Give again, word for word, every line in the entries below from the line with "have K_sq : 144" up to and including the line with "have correction_le : 2", and no other line.

Recorded data:
◆ ◆ ◆

Lemma binomial_pow_le_exp (n k m : nat) (p : R) : (0 < n)%N -> 0 <= p <= 1 ->
  INR 'C(n, k) * p ^ m <= exp (INR k * ln (INR n) - (1 - p) * INR m).
Proof.
move=> n_pos hp; have INRn_pos : 0 < INR n by apply: lt_0_INR; apply/ltP.
have binom : INR 'C(n, k) <= exp (INR k * ln (INR n)).
  rewrite -ln_pow // exp_ln; last exact: pow_lt.
  by rewrite -INR_expn; apply: le_INR; apply/leP; exact: binomial_le_pow.
have powp : p ^ m <= exp (INR m * - (1 - p)).
  rewrite -exp_pow; apply: pow_incr.
  by have := exp_ineq1_le (- (1 - p)); lra.
have -> : INR k * ln (INR n) - (1 - p) * INR m
        = INR k * ln (INR n) + INR m * - (1 - p) by ring.
rewrite exp_plus.
by apply: Rmult_le_compat => //; [exact: pos_INR | apply: pow_le; lra].
Qed.

(* Stdlib's ln is 0 outside (0, +oo). *)
Lemma ln_INR0 : ln (INR 0) = 0.
Proof. by rewrite /ln; case: Rlt_dec => // lt00; case: (Rlt_irrefl 0 lt00). Qed.

Lemma ln_INR_ge0 n : 0 <= ln (INR n).
Proof.
case: n => [|[|n]]; first by rewrite ln_INR0; lra.
  by rewrite ln_1; lra.
by rewrite -ln_1; left; apply: ln_increasing; [lra | apply: lt_1_INR; lia].
Qed.

Lemma ln_INR_pos_inv n : 0 < ln (INR n) -> 0 < INR n.
Proof. by case: n => [|n]; [rewrite ln_INR0; lra | move=> _; apply: lt_0_INR; lia]. Qed.

Lemma INR_cv_infty : cv_infty INR.
Proof.
move=> M; have [N HN] := INR_archimed 1 M ltac:(lra).
by exists N => n Nn; have := le_INR _ _ Nn; lra.
Qed.

Lemma ln_INR_cv_infty : cv_infty (fun n => ln (INR n)).
Proof.
move=> M; have [N HN] := INR_cv_infty (exp M).
exists N => n Nn; rewrite -[M]ln_exp; apply: ln_increasing; [exact: exp_pos | exact: HN].
Qed.

Lemma cv_infty_le (u v : nat -> R) : (forall n, u n <= v n) -> cv_infty u -> cv_infty v.
Proof. by move=> uv u_infty M; have [N HN] := u_infty M; exists N => n /HN; have := uv n; lra. Qed.

Lemma Un_cv_eventually (u v : nat -> R) (l : R) (N : nat) :
  (forall n, (N <= n)%coq_nat -> u n = v n) -> Un_cv v l -> Un_cv u l.
Proof.
move=> uv v_cv e e_pos; have [M HM] := v_cv e e_pos.
by exists (N + M)%nat => n nNM; rewrite uv; [apply: HM | ]; lia.
Qed.

(* With K q = 2L, the function k |-> k L - q C(k,2)
   equals (q k / 2)(K + 1 - k); at k ~ K(1 + d) it is about -(q K / 4) K d.
   This beats both +L and the correction q r <= 2 a L K + a as soon as
   K d >= 12 and d >= 8 a, which follow from 1 <= d^2 (K + 1), a <= d^2,
   K >= 200 and a <= 1/64. *)
Lemma clique_exponent_le (L q K a r d k : R) :
  100 <= L -> 0 < q <= 1 -> K * q = 2 * L -> 0 <= a <= 1/64 ->
  r <= a * (K * K + 1) -> 0 <= d -> 1 <= d * d * (K + 1) -> a <= d * d ->
  K * (1 + d) - 1 < k <= K * (1 + d) ->
  k * L - q * (k * (k - 1) / 2 - r) <= - L.
Proof.
move=> hL hq hKq ha hr hd hdK hda [hk1 hk2].
have K_ge : 200 <= K by nra.
have Kd_ge : 12 <= K * d.
  have Kd_sq : 144 <= (K * d) * (K * d).
    have K_sq : 144 * (K + 1) <= K * K by nra.
    have Kd_sq_K : K * K <= (K * d) * (K * d) * (K + 1) by nra.
    nra.
  nra.
have d_ge : 8 * a <= d.
  have a_sq : (8 * a) * (8 * a) <= d * d by nra.
  nra.
have k_ge : K / 2 <= k by nra.
have main_term : k * L - q * (k * (k - 1) / 2) <= L - L * K * d / 2.
  have -> : k * L - q * (k * (k - 1) / 2) = (q * k / 2) * (K - k + 1) by nra.
  have -> : L - L * K * d / 2 = (q * K / 4) * (2 - K * d) by nra.
  have step : (q * k / 2) * (K - k + 1) <= (q * k / 2) * (2 - K * d).
    by apply: Rmult_le_compat_l; nra.
  have k_half : 0 <= (q * k / 2 - q * K / 4) * (K * d - 2) by apply: Rmult_le_pos; nra.
  nra.
have correction : q * r <= 2 * a * L * K + a.
  have qr_le : q * r <= q * (a * (K * K + 1)) by apply: Rmult_le_compat_l; lra.
  have expand : q * (a * (K * K + 1)) = a * K * (K * q) + a * q by ring.
  by rewrite expand hKq in qr_le; nra.
have correction_le : 2 * a * L * K <= L * K * d / 4.
  have LK_d : 0 <= (L * K) * (d - 8 * a) by apply: Rmult_le_pos; nra.
  nra.
nra.
Qed.

Section Scaling.
Variables p r : nat -> R.
Hypothesis p_range : forall n, 0 < p n < 1.
Hypothesis r_pos : forall n, 0 < r n.
Hypothesis r_small : little_o r (fun n => Ktilde p n * Ktilde p n).

Local Notation K := (Ktilde p).

Lemma Ktilde_mul n : K n * (1 - p n) = 2 * ln (INR n).
Proof. by rewrite /Ktilde; field; have := p_range n; lra. Qed.

Lemma Ktilde_ge0 n : 0 <= K n.
Proof.
apply: Rmult_le_pos; first by have := ln_INR_ge0 n; lra.
by left; apply: Rinv_0_lt_compat; have := p_range n; lra.
Qed.

Lemma Ktilde_ge_log n : 2 * ln (INR n) <= K n.
Proof. by rewrite -Ktilde_mul; have := Ktilde_ge0 n; have := p_range n; nra. Qed.

Lemma Ktilde_cv_infty : cv_infty K.
Proof.
apply: (cv_infty_le _ ln_INR_cv_infty) => n.
by have := Ktilde_ge_log n; have := ln_INR_ge0 n; lra.
Qed.

Definition budget n := r n / (K n * K n + 1).

Lemma Ktilde_sq_pos n : 0 < K n * K n + 1.
Proof. by have := Ktilde_ge0 n; nra. Qed.

Lemma budget_ge0 n : 0 <= budget n.
Proof.
apply: Rmult_le_pos; first by left.
by left; apply: Rinv_0_lt_compat; exact: Ktilde_sq_pos.
Qed.

Lemma r_eq_budget n : r n = budget n * (K n * K n + 1).
Proof. by rewrite /budget; field; have := Ktilde_sq_pos n; lra. Qed.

◆ ◆ ◆

Answer area:
    have K_sq : 144 * (K + 1) <= K * K by nra.
    have Kd_sq_K : K * K <= (K * d) * (K * d) * (K + 1) by nra.
    nra.
  nra.
have d_ge : 8 * a <= d.
  have a_sq : (8 * a) * (8 * a) <= d * d by nra.
  nra.
have k_ge : K / 2 <= k by nra.
have main_term : k * L - q * (k * (k - 1) / 2) <= L - L * K * d / 2.
  have -> : k * L - q * (k * (k - 1) / 2) = (q * k / 2) * (K - k + 1) by nra.
  have -> : L - L * K * d / 2 = (q * K / 4) * (2 - K * d) by nra.
  have step : (q * k / 2) * (K - k + 1) <= (q * k / 2) * (2 - K * d).
    by apply: Rmult_le_compat_l; nra.
  have k_half : 0 <= (q * k / 2 - q * K / 4) * (K * d - 2) by apply: Rmult_le_pos; nra.
  nra.
have correction : q * r <= 2 * a * L * K + a.
  have qr_le : q * r <= q * (a * (K * K + 1)) by apply: Rmult_le_compat_l; lra.
  have expand : q * (a * (K * K + 1)) = a * K * (K * q) + a * q by ring.
  by rewrite expand hKq in qr_le; nra.
have correction_le : 2 * a * L * K <= L * K * d / 4.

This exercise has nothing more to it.